Aim of the task: In the listing below, the answer starts at the line that has "Lemma nonneg_combination vp" and stops after the line that has "destruct (solution_fst_bounds _ _ _ _ _ _ _ _ tau"; please repeat that part exactly and nothing more.

Available data:
BEGIN

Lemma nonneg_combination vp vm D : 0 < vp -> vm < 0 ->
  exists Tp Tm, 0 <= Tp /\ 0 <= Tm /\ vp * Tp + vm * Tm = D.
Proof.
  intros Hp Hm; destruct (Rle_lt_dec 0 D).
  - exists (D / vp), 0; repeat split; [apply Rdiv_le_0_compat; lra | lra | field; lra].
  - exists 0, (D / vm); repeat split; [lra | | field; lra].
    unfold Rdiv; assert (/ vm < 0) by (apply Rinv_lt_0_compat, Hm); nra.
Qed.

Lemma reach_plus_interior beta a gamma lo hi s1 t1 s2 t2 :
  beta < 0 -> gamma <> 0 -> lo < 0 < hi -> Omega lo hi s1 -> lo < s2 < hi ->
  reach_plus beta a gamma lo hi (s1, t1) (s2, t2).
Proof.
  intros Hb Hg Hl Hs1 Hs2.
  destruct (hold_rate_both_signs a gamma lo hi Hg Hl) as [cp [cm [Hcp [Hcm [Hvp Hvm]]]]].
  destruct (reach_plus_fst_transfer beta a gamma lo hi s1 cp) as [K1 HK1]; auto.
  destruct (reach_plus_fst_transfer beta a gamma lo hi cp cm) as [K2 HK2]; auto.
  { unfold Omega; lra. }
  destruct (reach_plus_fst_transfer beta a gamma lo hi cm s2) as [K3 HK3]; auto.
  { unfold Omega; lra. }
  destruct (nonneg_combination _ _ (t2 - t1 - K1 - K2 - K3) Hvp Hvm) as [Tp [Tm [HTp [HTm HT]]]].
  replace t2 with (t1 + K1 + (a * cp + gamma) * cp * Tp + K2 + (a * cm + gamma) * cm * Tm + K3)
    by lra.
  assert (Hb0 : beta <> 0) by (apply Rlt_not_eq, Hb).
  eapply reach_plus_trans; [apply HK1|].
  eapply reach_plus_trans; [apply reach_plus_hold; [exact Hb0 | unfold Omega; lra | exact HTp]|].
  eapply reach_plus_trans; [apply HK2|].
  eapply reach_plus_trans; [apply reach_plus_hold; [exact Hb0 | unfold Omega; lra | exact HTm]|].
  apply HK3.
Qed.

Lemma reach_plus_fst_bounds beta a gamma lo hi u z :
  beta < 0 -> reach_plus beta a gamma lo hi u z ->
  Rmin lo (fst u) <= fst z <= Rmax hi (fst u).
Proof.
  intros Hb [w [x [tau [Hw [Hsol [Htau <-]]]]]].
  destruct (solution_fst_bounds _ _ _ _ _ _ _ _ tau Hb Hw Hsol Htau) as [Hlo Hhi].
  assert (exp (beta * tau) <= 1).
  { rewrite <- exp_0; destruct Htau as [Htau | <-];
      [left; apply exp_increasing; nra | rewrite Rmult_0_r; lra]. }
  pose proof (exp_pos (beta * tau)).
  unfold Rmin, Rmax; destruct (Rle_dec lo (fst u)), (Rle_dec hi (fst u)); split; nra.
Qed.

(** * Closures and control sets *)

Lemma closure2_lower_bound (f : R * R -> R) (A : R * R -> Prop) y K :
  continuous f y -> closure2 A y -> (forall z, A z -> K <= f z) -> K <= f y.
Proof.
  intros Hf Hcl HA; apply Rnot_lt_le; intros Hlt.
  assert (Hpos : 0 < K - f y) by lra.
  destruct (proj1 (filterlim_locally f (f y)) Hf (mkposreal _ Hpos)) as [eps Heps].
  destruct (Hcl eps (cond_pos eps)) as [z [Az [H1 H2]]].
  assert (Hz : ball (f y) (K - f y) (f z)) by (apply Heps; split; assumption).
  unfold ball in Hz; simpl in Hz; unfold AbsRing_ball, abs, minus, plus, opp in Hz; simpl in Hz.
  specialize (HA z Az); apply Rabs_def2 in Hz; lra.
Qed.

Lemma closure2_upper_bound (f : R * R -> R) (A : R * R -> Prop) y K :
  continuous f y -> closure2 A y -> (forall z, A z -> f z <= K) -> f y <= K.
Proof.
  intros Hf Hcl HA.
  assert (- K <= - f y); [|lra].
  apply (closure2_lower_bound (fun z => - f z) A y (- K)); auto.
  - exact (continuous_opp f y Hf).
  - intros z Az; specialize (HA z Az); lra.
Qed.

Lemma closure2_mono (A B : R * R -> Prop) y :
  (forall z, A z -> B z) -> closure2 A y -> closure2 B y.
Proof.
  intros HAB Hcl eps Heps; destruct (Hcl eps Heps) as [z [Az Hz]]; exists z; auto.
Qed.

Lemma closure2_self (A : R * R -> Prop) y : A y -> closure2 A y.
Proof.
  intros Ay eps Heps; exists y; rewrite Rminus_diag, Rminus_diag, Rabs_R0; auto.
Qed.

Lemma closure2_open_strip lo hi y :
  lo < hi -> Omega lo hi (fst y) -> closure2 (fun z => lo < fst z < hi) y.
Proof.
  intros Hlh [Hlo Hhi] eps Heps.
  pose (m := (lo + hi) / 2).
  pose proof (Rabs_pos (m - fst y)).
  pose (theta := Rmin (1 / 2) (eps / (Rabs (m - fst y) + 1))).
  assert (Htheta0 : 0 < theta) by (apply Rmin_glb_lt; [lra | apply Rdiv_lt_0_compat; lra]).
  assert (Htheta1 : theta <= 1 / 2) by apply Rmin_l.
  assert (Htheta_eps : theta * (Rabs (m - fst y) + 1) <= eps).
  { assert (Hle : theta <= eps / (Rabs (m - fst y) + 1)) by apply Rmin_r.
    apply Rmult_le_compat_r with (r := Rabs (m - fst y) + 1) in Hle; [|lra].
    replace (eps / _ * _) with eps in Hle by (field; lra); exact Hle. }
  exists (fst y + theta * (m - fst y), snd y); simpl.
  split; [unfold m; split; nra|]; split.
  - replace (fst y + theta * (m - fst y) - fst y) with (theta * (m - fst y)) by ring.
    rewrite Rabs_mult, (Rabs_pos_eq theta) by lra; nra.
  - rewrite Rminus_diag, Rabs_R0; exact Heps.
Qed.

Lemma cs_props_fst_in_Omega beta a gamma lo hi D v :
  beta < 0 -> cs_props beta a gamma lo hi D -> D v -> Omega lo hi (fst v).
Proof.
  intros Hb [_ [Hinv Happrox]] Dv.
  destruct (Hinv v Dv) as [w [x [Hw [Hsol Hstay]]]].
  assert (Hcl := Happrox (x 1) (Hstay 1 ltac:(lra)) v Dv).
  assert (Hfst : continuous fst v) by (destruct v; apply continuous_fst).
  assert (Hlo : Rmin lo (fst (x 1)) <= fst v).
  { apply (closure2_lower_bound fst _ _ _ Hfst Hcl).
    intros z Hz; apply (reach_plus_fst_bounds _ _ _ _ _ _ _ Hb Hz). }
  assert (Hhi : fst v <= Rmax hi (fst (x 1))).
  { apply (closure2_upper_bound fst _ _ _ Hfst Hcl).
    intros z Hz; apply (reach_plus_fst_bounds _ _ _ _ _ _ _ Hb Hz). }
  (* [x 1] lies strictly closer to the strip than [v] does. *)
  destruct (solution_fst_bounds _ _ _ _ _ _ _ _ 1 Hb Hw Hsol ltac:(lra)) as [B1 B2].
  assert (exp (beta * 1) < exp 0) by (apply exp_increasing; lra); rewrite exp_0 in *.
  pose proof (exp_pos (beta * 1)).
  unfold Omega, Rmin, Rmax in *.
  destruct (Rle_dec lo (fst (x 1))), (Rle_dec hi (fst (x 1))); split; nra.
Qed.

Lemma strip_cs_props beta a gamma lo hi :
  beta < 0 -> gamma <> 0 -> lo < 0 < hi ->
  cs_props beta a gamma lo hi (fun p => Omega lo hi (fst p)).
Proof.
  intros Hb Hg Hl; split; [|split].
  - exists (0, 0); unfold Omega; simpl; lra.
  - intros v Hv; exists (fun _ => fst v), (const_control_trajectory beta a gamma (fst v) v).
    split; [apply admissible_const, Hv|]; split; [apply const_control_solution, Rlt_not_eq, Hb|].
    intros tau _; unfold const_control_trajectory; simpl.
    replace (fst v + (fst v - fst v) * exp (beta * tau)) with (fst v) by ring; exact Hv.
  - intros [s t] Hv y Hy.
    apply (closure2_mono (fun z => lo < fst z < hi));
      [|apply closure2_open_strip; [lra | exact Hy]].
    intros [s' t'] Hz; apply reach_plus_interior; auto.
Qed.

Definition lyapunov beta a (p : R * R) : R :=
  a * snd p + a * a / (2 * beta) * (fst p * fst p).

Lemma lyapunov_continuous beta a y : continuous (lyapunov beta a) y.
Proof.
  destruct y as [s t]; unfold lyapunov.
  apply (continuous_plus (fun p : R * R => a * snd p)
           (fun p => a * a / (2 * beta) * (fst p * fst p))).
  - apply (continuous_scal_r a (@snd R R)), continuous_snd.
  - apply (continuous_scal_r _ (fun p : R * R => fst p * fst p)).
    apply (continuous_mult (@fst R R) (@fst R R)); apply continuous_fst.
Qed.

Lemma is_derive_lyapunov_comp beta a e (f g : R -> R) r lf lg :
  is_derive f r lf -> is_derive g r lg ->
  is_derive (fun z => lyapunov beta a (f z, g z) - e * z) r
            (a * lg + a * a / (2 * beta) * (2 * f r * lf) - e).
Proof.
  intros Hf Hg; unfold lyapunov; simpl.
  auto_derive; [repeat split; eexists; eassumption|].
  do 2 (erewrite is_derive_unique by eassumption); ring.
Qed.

END
BEGIN

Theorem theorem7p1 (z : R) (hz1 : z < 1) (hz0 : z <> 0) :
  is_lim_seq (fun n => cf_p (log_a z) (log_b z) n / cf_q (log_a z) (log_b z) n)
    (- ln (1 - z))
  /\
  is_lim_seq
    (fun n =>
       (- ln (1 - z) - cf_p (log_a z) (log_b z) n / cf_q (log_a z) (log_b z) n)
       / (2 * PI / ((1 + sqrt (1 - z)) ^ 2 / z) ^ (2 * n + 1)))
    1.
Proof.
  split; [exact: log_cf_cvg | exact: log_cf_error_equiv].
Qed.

END

The answer:
Lemma nonneg_combination vp vm D : 0 < vp -> vm < 0 ->
  exists Tp Tm, 0 <= Tp /\ 0 <= Tm /\ vp * Tp + vm * Tm = D.
Proof.
  intros Hp Hm; destruct (Rle_lt_dec 0 D).
  - exists (D / vp), 0; repeat split; [apply Rdiv_le_0_compat; lra | lra | field; lra].
  - exists 0, (D / vm); repeat split; [lra | | field; lra].
    unfold Rdiv; assert (/ vm < 0) by (apply Rinv_lt_0_compat, Hm); nra.
Qed.

Lemma reach_plus_interior beta a gamma lo hi s1 t1 s2 t2 :
  beta < 0 -> gamma <> 0 -> lo < 0 < hi -> Omega lo hi s1 -> lo < s2 < hi ->
  reach_plus beta a gamma lo hi (s1, t1) (s2, t2).
Proof.
  intros Hb Hg Hl Hs1 Hs2.
  destruct (hold_rate_both_signs a gamma lo hi Hg Hl) as [cp [cm [Hcp [Hcm [Hvp Hvm]]]]].
  destruct (reach_plus_fst_transfer beta a gamma lo hi s1 cp) as [K1 HK1]; auto.
  destruct (reach_plus_fst_transfer beta a gamma lo hi cp cm) as [K2 HK2]; auto.
  { unfold Omega; lra. }
  destruct (reach_plus_fst_transfer beta a gamma lo hi cm s2) as [K3 HK3]; auto.
  { unfold Omega; lra. }
  destruct (nonneg_combination _ _ (t2 - t1 - K1 - K2 - K3) Hvp Hvm) as [Tp [Tm [HTp [HTm HT]]]].
  replace t2 with (t1 + K1 + (a * cp + gamma) * cp * Tp + K2 + (a * cm + gamma) * cm * Tm + K3)
    by lra.
  assert (Hb0 : beta <> 0) by (apply Rlt_not_eq, Hb).
  eapply reach_plus_trans; [apply HK1|].
  eapply reach_plus_trans; [apply reach_plus_hold; [exact Hb0 | unfold Omega; lra | exact HTp]|].
  eapply reach_plus_trans; [apply HK2|].
  eapply reach_plus_trans; [apply reach_plus_hold; [exact Hb0 | unfold Omega; lra | exact HTm]|].
  apply HK3.
Qed.

Lemma reach_plus_fst_bounds beta a gamma lo hi u z :
  beta < 0 -> reach_plus beta a gamma lo hi u z ->
  Rmin lo (fst u) <= fst z <= Rmax hi (fst u).
Proof.
  intros Hb [w [x [tau [Hw [Hsol [Htau <-]]]]]].
  destruct (solution_fst_bounds _ _ _ _ _ _ _ _ tau Hb Hw Hsol Htau) as [Hlo Hhi].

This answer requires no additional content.